# white dutch clover



## bradley39482 (May 26, 2010)

sorry if im asking a regressive question, but was wondering when to cut clover for spring? planted in the fall of last year, and it has not bloomed yet, very thick, in some spots, is about 3-4 inches tall, some spots are 6-7 inches tall, should i cut now, or wait? 

kindest regards
brad


----------



## Intheswamp (Jul 5, 2011)

I thought you mowed after the blooms have decreases in order to get it to bloom afresh again. I haven't heard of needing to mow it before it blooms, but I'm definitely not educated on growing it...I'm waiting to hear from others.

Ed


----------



## Jon11 (Mar 29, 2011)

Don't mow it until after it has bloomed. Once it looks like the first blooms are starting to finish mow it. You might even think about mowing it in patches. Let it bloom out, wait a couple of weeks, mow a patch, wait a few days and mow another patch.

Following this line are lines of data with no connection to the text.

(* Let $\Theta$ be a branch of a tableau of $\mathbf{TAB}_{\mathbf{IB}}$. For every nominal $i$ occurring in $\Theta$, the set $T^\Theta(i)$ is finite.
   Context: Hybrid language: fix disjoint countably infinite sets $\mathbf{Prop}$ and $\mathbf{Nom}$ (nominals). Formulas: $\varphi ::= p \mid i \mid \neg\varphi \mid \varphi\land\varphi \mid \Diamond\varphi \mid @_i\varphi$. A tableau of $\mathbf{TAB}_{\mathbf{IB}}$ is a tree whose nodes are formulas of the form $@_i\varphi$, with a root formula $@_{i_0}\varphi_0$ ($i_0$ not occurring in $\varphi_0$); a branch is a maximal path, and $\varphi\in\Theta$ means $\varphi$ occurs on branch $\Theta$. $@_i\varphi$ is a quasi-subformula of $@_j\psi$ if $\varphi$ is a subformula of $\psi$, or $\varphi=\neg\chi$ with $\chi$ a subformula of $\psi$. For a nominal $i$ occurring in $\Theta$, $T^\Theta(i)=\{\varphi \mid @_i\varphi\in\Theta$ and $@_i\varphi$ is a quasi-subformula of the root formula of $\Theta\}$. *)

From Stdlib Require Import Ensembles Finite_sets.

(* Propositional variables and nominals: two disjoint countably infinite sets,
   both represented by nat but kept apart by distinct constructors. *)
Definition prop := nat.
Definition nom := nat.

Inductive form : Type :=
| FProp : prop -> form
| FNom : nom -> form
| FNeg : form -> form
| FAnd : form -> form -> form
| FDia : form -> form
| FAt : nom -> form -> form.

Inductive subformula : form -> form -> Prop :=
| sub_refl : forall phi, subformula phi phi
| sub_neg : forall phi psi, subformula phi psi -> subformula phi (FNeg psi)
| sub_andl : forall phi psi chi, subformula phi psi -> subformula phi (FAnd psi chi)
| sub_andr : forall phi psi chi, subformula phi chi -> subformula phi (FAnd psi chi)
| sub_dia : forall phi psi, subformula phi psi -> subformula phi (FDia psi)
| sub_at : forall phi i psi, subformula phi psi -> subformula phi (FAt i psi).

(* A node of a tableau: the formula @_i phi, represented as the pair (i, phi). *)
Definition atf := (nom * form)%type.

Definition quasi_subformula (a b : atf) : Prop :=
  subformula (snd a) (snd b) \/
  exists chi, snd a = FNeg chi /\ subformula chi (snd b).

Fixpoint nom_occurs (i : nom) (phi : form) : Prop :=
  match phi with
  | FProp _ => False
  | FNom j => j = i
  | FNeg psi => nom_occurs i psi
  | FAnd psi chi => nom_occurs i psi \/ nom_occurs i chi
  | FDia psi => nom_occurs i psi
  | FAt j psi => j = i \/ nom_occurs i psi
  end.

Definition nom_occurs_atf (i : nom) (a : atf) : Prop :=
  fst a = i \/ nom_occurs i (snd a).

(* A branch (maximal path from the root) of a tableau, possibly infinite:
   the sequence of its nodes, indexed from the root.  [Theta n = None] means
   the branch has fewer than n+1 nodes. *)
Record branch : Type := {
  br_nodes : nat -> option atf;
  br_root : atf;
  br_root_ok : br_nodes 0 = Some br_root;
  br_prefix : forall n, br_nodes (S n) <> None -> br_nodes n <> None;
  br_root_fresh : ~ nom_occurs (fst br_root) (snd br_root)
}.

Definition on_branch (Th : branch) (a : atf) : Prop :=
  exists n, br_nodes Th n = Some a.

Definition nom_in_branch (Th : branch) (i : nom) : Prop :=
  exists a, on_branch Th a /\ nom_occurs_atf i a.

Definition T_set (Th : branch) (i : nom) : Ensemble form :=
  fun phi => on_branch Th (i, phi) /\ quasi_subformula (i, phi) (br_root Th).

From Stdlib Require Import Ensembles Finite_sets Finite_sets_facts Image.

(* T^Theta(i) consists of subformulas of the root formula and their negations,
   and a formula has only finitely many subformulas.  The bound depends on the
   root formula alone. *)

Lemma Finite_subformulas_of_closure (psi : form) (A : Ensemble form) :
  Finite form A ->
  (forall phi, subformula phi psi -> phi = psi \/ In form A phi) ->
  Finite form (fun phi => subformula phi psi).
Proof.
  intros finA closed.
  apply Finite_downward_closed with (A := Add form A psi).
  - now apply Add_preserves_Finite.
  - intros phi sub; destruct (closed phi sub) as [-> | inA].
    + now right.
    + now left.
Qed.

Lemma Finite_subformulas (psi : form) : Finite form (fun phi => subformula phi psi).
Proof.
  induction psi as [p | j | psi IH | psi IH chi IH' | psi IH | j psi IH].
  1, 2: apply Finite_subformulas_of_closure with (A := Empty_set form);
        [constructor | inversion 1; auto].
  1, 3, 4: apply Finite_subformulas_of_closure with (1 := IH);
           inversion 1; auto.
  apply Finite_subformulas_of_closure with (1 := Union_preserves_Finite _ _ _ IH IH').
  inversion 1; subst; [left | right; left | right; right]; auto.
Qed.

Lemma Finite_quasi_subformulas (i : nom) (b : atf) :
  Finite form (fun phi => quasi_subformula (i, phi) b).
Proof.
  pose (subs := fun phi => subformula phi (snd b)).
  apply Finite_downward_closed with (A := Union form subs (Im form form subs FNeg)).
  - apply Union_preserves_Finite, finite_image; apply Finite_subformulas.
  - intros phi [sub | [chi [neg sub]]].
    + now left.
    + right; exists chi; [exact sub | exact neg].
Qed.

Theorem lemma2 (Th : branch) (i : nom) :
  nom_in_branch Th i -> Finite form (T_set Th i).
Proof.
  intros _.
  apply Finite_downward_closed with (1 := Finite_quasi_subformulas i (br_root Th)).
  now intros phi [_ quasi_sub].
Qed.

This way the bees don't lose all the blossoms at once and when the you mow the second patch the first patch will be putting out a new bloom.


----------



## bradley39482 (May 26, 2010)

thanks john, when do u think it will start blooming, April or may?


----------



## Jon11 (Mar 29, 2011)

You are a bit further south than me so I can't really say for sure. I'd ask a local cattleman. Last year what little honey I did get came from white dutch clover, and it is hard for me to imagine any honey tasting better.


----------



## bradley39482 (May 26, 2010)

yep you are right, the only honey we have that taste better is gall-berry honey! and it is pretty darn good! thanks for the reply john, hope u have a good season!


----------